Chesapeake Quarterly
Portrait of an Undergraduate Scientist
A Summer in the Marsh
JONATHAN BERLIN
Keala Cummings peers through cutting grass - photo by Lora Harris
Keala Cummings peers through cutting grass at Jug Bay, where she did summer fieldwork. Credit: Lora Harris.

AN OSPREY SOARS at high altitude above the Patuxent River in southern Maryland. Tucking its mottled brown and white wings, the bird of prey plummets. It dives four times, moving in a straight line upriver, until it emerges clutching a fish. Fighting gravity, the osprey beats its wings and wheels toward golden spires of wild rice on the western bank.

The osprey is one standout in the rich biological community of Jug Bay. This tidal fresh marsh, located just 20 miles southeast of Washington, D.C., is both far enough downstream to experience daily tides and far enough upriver to avoid the infiltration of salt. And without the salinity that limits the biodiversity of saltwater marshes closer to the Atlantic Ocean, a large number of species flourish.

This biodiversity is why Keala Cummings, a rising senior at Scripps College in southern California, spent the summer researching the marsh at Jug Bay Wetlands Sanctuary on the eastern bank of the river. As part of the Research Experiences for Undergraduates (REU) program, administered by Maryland Sea Grant and funded by the National Science Foundation, she conducted a pilot study that will help scientists adapt a predictive model of the relatively simple saltwater marsh to the more complex tidal freshwater marsh. Cummings researched one component of that model — the effect of diverse plant shapes on the capture of free-floating sediment in the river.

"Freshwater marshes are just amazing," says Cummings' mentor Lora Harris, an expert in ecosystem modeling at the UMCES Chesapeake Biological Laboratory in Solomons, Maryland. Unlike the saltwater marsh, where spaghetti-like Spartina patens and stiff, reed-like Spartina alterniflora are the main species, there's a huge diversity of broadleaf plants, she says.

According to Cummings, these plants serve as a "catcher's mitt" for the suspended sediment in the Patuxent River. "As soon as all this free-floating plant debris and organic matter hits the marsh," she says, "it physically hits the plants and gets caught." She adds that the plants slow down the water as well, so that suspended solids sink and settle on the marsh floor.

To find out just how much sediment the plants of Jug Bay capture, Cummings spent four days wading in the marsh. A self-described "hardcore backpacker," she was excited to get her feet wet. She wears her misadventures in the marsh as a badge of pride, not pity.
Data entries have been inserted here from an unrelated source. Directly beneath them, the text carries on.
Lemma absorb_constants P Fe S Z T w Rad lam : 0 <= P -> 0 <= Fe -> 0 <= S -> 0 <= Z ->
  0 <= T -> 0 <= w -> 0 < lam ->
  2 * P + Rad ^ 2 * (w * S) + Rad ^ 2 / 2 * Fe + w * T
  <= Kconst Rad lam * (P + Fe + w * (/ 2 * S + Z + lam / 8 * T)).
Proof.
  intros. unfold Kconst. set (k := 8 / lam). set (r := Rad ^ 2).
  assert (Hk : 0 < k) by (unfold k; apply Rdiv_lt_0_compat; lra).
  assert (Hr : 0 <= r) by apply pow2_ge_0.
  replace (lam / 8) with (/ k) by (unfold k; field; lra).
  assert (Hwt : k * (w * (/ k * T)) = w * T) by (field; lra).
  assert (0 <= w * S) by nra. assert (0 <= w * Z) by nra.
  assert (0 <= w * (/ k * T)) by (apply Rmult_le_pos; [|apply Rmult_le_pos; [apply Rlt_le, Rinv_0_lt_compat|]]; lra).
  nra.
Qed.

(** The integrand after integration by parts is controlled by [rho]:
    [|y|^2 (|X_1| + |X_2|) <= Kconst * rho], written in the components
    [p + i q = D_0 phi], [pk + i qk = D_k phi], [F_k = F_0k], [ph = |phi|^2]. *)
Lemma Xfield_weighted_bound p q p1 q1 p2 q2 F1 F2 F12 ph w eps lam Rad :
  0 <= w -> w <= Rad ^ 2 -> 0 < eps -> 0 < lam ->
  w * (Rabs (2 * (p * q1 - q * p1) + (1 - ph) * F1) + Rabs (2 * (p * q2 - q * p2) + (1 - ph) * F2))
  <= Kconst Rad lam * ((p ^ 2 + q ^ 2) + eps ^ 2 * (F1 ^ 2 + F2 ^ 2) +
       w * (/ 2 * ((p1 ^ 2 + q1 ^ 2) + (p2 ^ 2 + q2 ^ 2)) + eps ^ 2 / 4 * F12 ^ 2
            + lam / (8 * eps ^ 2) * (ph - 1) ^ 2)).
Proof.
  intros Hw HwR He Hl.
  assert (A1 := young_cross p q p1 q1 w Hw). assert (A2 := young_cross p q p2 q2 w Hw).
  assert (B1 := young_potential (1 - ph) F1 w eps Rad Hw HwR He).
  assert (B2 := young_potential (1 - ph) F2 w eps Rad Hw HwR He).
  pose proof (Rabs_triang (2 * (p * q1 - q * p1)) ((1 - ph) * F1)).
  pose proof (Rabs_triang (2 * (p * q2 - q * p2)) ((1 - ph) * F2)).
  set (T := ((1 - ph) / eps) ^ 2) in *.
  replace (lam / (8 * eps ^ 2) * (ph - 1) ^ 2) with (lam / 8 * T) by (unfold T; field; lra).
  assert (Hsq : forall x y, 0 <= x ^ 2 + y ^ 2)
    by (intros x y; pose proof (pow2_ge_0 x); pose proof (pow2_ge_0 y); lra).
  assert (Ww : w ^ 2 * (p1 ^ 2 + q1 ^ 2) + w ^ 2 * (p2 ^ 2 + q2 ^ 2)
     <= Rad ^ 2 * (w * ((p1 ^ 2 + q1 ^ 2) + (p2 ^ 2 + q2 ^ 2)))).
  { pose proof (Hsq p1 q1); pose proof (Hsq p2 q2).
    replace (Rad ^ 2 * (w * ((p1 ^ 2 + q1 ^ 2) + (p2 ^ 2 + q2 ^ 2))))
      with ((Rad ^ 2 * w) * ((p1 ^ 2 + q1 ^ 2) + (p2 ^ 2 + q2 ^ 2))) by ring.
    replace (w ^ 2 * (p1 ^ 2 + q1 ^ 2) + w ^ 2 * (p2 ^ 2 + q2 ^ 2))
      with ((w * w) * ((p1 ^ 2 + q1 ^ 2) + (p2 ^ 2 + q2 ^ 2))) by ring.
    apply Rmult_le_compat_r; [lra | apply Rmult_le_compat_r; lra]. }
  apply Rle_trans with (2 * (p ^ 2 + q ^ 2) + Rad ^ 2 * (w * ((p1 ^ 2 + q1 ^ 2) + (p2 ^ 2 + q2 ^ 2)))
                       + Rad ^ 2 / 2 * (eps ^ 2 * (F1 ^ 2 + F2 ^ 2)) + w * T).
  - pose proof (Rmult_le_compat_l w _ _ Hw H). pose proof (Rmult_le_compat_l w _ _ Hw H0).
    rewrite Rmult_plus_distr_l in *. lra.
  - apply absorb_constants; try lra;
      repeat first [ apply pow2_ge_0 | apply Rplus_le_le_0_compat | apply Rmult_le_pos | lra ].
Qed.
One day Harris lowered her off the dock at Observation Creek in Jug Bay, and Cummings found herself in the midst of a patch of cutting grass — a plant that can cause a troublesome rash. A leaf blade poked her in the left eye, leaving a burning pain.

 

Spadderdock
A plant with the unlikely name of spadderdock may help to preserve the Jug Bay marsh by capturing silt. Credit: Keala Cummings.

Next time, Harris helped Cummings mount a defense against the plant. "I got this towel, I got a cape and a pole to beat the cutting grass with," says Cummings, her dark brown eyes full of mirth. "I felt like a superhero." After whacking through a 30-foot swath of cutting grass, she emerged in one piece. "It's like backpacking — constantly testing yourself and finding the joy in adversity," she adds.

Cummings braved the cutting grass to collect plant specimens in quarter-meter squares along two lines stretching from the Patuxent River to the upland side of the marsh. She also collected sediment that settled on white tiles beneath the plants. Finally, for comparative purposes, she measured free-floating sediment in each square.

For her lab work, Cummings meticulously washed the sediment from the plants she'd collected, filtering it and measuring its mass. To this she added sediment from the tiles. She used these numbers to calculate a ratio of sediment-capturing efficiency in each square. Finally, she traced each plant to determine its surface area.

Cummings expected that as plant surface area increased, so would the amount of sediment captured. Instead, she found no correlation. On a community level, however, one plant with elongated heart-shaped leaves showed particular promise. Spadderdock, although less dense than other plants in the marsh, collected significantly more sediment. It also happens to occupy the low marsh, the area beside the river channel. "It's possible that the marsh evolved this way to protect the areas most vulnerable to being submerged," she suggests.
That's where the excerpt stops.